TRY IT
Say how many lines in the records hold "Hdup". Nothing but the number should be given.

Collected data entries:
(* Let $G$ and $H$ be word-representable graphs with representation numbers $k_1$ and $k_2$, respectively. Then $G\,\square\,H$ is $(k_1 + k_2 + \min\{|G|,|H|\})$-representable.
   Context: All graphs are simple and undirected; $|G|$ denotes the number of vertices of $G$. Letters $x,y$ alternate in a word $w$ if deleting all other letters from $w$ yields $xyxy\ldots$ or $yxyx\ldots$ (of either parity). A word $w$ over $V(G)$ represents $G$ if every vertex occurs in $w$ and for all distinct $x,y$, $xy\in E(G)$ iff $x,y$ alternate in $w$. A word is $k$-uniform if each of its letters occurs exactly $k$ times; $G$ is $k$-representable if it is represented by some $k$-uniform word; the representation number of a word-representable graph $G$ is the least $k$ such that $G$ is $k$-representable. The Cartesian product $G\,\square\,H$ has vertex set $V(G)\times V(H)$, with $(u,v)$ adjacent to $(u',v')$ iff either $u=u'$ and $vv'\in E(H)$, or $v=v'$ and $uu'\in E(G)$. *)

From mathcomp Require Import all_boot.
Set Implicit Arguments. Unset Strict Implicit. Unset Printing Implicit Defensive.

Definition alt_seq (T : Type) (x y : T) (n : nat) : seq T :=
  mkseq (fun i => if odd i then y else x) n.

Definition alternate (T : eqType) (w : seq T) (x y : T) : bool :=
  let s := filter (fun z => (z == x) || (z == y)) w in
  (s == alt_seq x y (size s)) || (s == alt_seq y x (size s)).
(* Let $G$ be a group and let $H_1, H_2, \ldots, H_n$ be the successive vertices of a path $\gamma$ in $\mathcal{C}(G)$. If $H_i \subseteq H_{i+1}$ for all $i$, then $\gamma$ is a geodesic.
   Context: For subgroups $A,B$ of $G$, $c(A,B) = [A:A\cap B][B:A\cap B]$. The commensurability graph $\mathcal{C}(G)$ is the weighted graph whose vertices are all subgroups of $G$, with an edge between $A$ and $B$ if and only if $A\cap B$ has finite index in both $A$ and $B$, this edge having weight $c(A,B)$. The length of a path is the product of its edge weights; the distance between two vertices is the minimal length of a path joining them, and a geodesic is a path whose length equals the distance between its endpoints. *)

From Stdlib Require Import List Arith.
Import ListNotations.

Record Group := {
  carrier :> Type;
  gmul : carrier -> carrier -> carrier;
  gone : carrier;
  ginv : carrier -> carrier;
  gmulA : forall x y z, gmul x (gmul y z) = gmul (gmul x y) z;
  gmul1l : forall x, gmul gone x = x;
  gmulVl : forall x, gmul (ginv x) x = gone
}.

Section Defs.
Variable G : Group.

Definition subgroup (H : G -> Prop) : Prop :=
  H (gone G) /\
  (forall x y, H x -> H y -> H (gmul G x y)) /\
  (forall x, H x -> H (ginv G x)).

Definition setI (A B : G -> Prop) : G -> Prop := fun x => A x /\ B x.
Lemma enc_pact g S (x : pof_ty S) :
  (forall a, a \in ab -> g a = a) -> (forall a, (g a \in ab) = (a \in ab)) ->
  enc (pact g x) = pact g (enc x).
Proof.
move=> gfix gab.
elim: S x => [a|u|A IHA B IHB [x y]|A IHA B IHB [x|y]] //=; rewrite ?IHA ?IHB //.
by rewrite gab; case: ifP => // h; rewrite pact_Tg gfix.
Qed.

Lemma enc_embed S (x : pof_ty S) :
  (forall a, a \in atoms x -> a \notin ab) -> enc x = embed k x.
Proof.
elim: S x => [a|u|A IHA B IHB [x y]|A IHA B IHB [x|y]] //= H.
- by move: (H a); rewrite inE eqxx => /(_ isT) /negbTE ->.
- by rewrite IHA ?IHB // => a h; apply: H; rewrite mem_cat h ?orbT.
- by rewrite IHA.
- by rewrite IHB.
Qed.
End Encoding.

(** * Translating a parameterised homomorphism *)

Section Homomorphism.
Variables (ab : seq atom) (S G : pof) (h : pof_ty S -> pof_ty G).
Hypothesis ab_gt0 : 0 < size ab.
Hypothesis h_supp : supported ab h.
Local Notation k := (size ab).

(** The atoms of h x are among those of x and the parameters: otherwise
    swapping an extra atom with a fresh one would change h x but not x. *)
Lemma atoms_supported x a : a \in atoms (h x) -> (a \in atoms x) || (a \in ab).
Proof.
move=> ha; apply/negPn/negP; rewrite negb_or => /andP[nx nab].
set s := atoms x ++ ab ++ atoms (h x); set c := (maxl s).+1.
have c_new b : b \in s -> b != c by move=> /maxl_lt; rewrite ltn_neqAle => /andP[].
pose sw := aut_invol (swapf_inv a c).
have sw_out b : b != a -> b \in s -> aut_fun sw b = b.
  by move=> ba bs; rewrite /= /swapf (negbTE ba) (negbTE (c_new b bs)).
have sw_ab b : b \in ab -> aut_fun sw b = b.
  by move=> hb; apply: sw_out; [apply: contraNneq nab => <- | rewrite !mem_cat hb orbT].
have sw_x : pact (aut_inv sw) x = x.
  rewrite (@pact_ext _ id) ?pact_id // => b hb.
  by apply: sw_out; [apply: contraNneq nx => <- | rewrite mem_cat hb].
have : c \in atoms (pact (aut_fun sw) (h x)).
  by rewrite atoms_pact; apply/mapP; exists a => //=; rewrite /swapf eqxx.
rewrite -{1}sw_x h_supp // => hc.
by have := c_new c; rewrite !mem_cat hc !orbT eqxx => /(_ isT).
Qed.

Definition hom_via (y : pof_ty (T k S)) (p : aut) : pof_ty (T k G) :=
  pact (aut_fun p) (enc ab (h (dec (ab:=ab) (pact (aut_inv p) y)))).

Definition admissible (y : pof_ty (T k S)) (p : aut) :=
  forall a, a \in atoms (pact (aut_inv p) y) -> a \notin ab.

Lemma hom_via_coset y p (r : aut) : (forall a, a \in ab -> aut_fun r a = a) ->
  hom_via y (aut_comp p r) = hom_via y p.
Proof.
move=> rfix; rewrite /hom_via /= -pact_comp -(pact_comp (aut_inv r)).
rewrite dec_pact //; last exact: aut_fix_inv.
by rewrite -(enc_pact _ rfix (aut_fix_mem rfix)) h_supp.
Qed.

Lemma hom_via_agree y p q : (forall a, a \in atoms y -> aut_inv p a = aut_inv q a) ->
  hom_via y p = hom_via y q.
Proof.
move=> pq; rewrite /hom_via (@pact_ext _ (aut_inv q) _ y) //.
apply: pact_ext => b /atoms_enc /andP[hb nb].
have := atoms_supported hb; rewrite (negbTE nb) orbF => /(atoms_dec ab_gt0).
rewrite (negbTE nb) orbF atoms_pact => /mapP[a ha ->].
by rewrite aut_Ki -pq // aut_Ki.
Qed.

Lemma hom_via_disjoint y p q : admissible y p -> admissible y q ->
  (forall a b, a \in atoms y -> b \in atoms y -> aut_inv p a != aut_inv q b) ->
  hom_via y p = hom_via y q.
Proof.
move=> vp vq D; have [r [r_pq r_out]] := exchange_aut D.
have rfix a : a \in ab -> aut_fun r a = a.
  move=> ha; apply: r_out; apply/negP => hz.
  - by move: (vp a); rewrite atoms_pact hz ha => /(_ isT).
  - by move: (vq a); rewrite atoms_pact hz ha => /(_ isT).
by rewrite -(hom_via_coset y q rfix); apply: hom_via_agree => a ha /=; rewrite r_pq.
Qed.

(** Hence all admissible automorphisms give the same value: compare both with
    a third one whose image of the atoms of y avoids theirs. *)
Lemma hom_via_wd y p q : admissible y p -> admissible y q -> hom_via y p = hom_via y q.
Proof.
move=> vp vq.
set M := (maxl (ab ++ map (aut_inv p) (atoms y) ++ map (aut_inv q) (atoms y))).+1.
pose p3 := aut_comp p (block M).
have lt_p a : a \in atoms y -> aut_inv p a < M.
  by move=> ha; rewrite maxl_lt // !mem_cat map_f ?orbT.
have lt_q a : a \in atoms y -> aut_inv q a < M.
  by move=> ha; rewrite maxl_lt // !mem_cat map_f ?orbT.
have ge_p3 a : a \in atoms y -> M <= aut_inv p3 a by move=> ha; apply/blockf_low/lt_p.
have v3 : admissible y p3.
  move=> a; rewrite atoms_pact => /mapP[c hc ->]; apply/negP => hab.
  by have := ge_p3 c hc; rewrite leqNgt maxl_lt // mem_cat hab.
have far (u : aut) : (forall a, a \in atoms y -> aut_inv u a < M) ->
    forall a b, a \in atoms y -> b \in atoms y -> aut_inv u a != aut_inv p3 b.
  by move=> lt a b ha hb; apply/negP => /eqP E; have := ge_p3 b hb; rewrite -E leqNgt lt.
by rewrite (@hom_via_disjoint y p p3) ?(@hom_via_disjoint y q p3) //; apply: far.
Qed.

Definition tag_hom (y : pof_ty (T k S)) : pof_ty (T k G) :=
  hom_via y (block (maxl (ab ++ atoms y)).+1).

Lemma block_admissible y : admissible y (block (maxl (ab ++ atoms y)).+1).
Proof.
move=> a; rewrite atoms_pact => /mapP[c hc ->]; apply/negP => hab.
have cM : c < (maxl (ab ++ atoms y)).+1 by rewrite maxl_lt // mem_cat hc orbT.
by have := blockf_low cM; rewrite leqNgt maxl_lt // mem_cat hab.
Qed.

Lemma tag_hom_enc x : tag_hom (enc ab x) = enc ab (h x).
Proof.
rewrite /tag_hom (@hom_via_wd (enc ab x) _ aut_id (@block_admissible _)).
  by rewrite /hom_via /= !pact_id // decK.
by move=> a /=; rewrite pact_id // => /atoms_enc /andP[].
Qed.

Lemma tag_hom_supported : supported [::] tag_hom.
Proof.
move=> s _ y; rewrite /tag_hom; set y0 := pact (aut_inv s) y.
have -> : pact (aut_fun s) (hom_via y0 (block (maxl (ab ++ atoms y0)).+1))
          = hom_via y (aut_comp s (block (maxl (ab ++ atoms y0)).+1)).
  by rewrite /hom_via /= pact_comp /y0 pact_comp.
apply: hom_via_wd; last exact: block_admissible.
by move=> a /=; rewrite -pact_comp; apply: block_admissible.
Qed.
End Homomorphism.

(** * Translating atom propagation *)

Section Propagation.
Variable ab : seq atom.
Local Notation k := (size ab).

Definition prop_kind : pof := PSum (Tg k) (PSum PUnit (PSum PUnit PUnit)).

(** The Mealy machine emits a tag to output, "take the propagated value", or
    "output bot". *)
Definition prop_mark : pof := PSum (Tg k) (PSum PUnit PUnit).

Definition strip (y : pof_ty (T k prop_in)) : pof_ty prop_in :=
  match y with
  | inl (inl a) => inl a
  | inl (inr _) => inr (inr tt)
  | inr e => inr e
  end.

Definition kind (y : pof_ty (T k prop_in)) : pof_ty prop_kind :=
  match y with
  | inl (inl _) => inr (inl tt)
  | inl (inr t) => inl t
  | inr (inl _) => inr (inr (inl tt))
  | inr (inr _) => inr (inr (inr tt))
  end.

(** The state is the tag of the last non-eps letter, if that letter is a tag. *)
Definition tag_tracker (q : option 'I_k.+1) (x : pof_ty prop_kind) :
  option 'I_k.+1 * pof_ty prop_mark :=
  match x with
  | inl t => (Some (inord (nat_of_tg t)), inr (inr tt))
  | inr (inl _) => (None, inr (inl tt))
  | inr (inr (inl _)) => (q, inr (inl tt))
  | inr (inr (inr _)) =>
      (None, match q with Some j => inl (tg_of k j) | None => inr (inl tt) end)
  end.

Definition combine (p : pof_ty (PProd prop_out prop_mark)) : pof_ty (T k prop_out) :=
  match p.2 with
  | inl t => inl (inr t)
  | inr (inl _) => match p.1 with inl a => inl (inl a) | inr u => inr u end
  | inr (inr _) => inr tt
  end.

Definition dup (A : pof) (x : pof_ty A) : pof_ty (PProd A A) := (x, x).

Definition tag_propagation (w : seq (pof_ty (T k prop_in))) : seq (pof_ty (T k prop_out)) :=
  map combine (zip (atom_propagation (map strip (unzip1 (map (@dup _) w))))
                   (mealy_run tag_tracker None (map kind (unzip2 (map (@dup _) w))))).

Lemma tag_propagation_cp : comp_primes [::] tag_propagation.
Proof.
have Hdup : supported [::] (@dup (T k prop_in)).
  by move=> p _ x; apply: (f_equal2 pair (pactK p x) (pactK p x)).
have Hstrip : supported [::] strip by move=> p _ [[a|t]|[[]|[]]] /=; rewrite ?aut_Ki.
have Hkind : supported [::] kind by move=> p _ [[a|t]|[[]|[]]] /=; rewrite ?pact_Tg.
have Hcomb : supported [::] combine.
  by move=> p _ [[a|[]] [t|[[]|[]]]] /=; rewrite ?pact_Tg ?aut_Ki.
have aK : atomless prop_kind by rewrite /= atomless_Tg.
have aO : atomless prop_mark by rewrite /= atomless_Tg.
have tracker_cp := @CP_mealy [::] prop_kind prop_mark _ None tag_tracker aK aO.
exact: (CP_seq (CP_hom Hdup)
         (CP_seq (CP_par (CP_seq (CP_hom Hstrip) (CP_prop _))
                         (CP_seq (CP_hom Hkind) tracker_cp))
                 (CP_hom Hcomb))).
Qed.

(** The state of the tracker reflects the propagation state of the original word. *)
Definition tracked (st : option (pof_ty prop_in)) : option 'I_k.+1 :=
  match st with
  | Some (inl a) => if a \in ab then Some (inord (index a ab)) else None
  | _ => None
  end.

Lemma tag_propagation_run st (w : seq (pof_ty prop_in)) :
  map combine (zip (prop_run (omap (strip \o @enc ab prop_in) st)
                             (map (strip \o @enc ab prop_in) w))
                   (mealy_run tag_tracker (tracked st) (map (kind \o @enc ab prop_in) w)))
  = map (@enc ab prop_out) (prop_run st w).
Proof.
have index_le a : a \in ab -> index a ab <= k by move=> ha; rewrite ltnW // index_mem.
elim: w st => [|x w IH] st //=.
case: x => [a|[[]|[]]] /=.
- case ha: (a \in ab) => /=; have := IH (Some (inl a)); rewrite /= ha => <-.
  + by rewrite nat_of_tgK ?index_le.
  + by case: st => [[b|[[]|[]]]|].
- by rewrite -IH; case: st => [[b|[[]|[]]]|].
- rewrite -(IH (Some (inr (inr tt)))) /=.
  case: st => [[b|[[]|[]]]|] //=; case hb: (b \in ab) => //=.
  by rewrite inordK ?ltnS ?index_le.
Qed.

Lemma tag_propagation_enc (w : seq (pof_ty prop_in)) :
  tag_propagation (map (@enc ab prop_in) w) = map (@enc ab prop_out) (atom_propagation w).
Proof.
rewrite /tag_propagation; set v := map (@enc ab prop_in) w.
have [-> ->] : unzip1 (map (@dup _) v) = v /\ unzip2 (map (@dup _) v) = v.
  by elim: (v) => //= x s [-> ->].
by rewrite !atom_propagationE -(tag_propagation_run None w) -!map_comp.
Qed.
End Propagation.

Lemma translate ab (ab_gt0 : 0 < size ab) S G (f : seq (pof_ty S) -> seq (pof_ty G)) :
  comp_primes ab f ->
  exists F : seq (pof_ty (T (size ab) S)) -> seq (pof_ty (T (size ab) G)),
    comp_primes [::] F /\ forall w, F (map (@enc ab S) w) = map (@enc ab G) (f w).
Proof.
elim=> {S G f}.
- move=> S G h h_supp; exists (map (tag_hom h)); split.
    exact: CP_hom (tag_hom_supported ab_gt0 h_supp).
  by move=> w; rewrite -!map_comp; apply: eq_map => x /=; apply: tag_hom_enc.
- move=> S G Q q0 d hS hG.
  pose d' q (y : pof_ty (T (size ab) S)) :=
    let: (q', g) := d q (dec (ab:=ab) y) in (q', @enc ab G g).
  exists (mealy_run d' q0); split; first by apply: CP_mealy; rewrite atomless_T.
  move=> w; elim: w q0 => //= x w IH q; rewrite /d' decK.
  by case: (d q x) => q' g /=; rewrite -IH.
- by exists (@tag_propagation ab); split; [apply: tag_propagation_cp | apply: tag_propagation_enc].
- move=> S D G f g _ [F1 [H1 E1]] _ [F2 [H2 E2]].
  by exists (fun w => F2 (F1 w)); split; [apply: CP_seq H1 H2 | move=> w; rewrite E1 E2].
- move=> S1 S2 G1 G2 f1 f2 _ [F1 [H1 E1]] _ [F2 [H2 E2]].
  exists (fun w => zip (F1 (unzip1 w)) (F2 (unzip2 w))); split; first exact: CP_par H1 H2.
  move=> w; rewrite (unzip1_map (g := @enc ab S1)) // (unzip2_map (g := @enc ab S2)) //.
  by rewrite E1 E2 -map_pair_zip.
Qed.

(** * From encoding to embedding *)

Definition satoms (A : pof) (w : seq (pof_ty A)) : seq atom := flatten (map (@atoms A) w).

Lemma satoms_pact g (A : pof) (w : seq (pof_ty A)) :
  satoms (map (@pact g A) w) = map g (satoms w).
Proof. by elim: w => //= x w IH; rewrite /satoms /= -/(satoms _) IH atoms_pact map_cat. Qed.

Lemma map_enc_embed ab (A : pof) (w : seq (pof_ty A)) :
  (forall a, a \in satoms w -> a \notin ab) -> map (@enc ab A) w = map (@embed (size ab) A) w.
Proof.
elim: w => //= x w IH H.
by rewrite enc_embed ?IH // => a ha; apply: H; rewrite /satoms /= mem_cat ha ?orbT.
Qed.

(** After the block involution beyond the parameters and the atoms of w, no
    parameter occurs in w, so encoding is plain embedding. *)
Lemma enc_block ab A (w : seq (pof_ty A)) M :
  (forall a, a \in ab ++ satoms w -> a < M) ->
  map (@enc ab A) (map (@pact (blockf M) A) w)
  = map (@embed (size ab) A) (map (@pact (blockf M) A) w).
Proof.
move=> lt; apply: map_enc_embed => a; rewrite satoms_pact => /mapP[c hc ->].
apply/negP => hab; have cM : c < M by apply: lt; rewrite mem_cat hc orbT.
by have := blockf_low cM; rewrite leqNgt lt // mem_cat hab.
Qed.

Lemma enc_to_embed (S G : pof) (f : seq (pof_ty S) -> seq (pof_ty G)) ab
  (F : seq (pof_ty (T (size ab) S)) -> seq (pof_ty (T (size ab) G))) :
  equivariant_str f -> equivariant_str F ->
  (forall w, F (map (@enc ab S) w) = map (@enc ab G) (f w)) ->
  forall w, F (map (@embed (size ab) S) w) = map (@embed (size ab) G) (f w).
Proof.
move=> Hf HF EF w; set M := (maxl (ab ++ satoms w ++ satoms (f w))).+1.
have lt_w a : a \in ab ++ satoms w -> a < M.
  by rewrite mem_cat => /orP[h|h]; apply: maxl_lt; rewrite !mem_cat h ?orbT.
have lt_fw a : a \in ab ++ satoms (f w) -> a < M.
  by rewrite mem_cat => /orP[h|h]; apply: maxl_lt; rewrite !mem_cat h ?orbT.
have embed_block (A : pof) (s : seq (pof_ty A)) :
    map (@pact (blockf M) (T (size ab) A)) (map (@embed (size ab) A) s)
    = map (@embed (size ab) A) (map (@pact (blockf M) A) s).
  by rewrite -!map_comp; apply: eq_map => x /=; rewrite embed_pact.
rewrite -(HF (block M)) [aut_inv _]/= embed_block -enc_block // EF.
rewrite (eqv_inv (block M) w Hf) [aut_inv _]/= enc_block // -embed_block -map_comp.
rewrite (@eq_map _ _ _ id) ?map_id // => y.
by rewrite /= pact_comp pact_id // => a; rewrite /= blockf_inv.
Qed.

ANSWER TO THE PROBLEM
2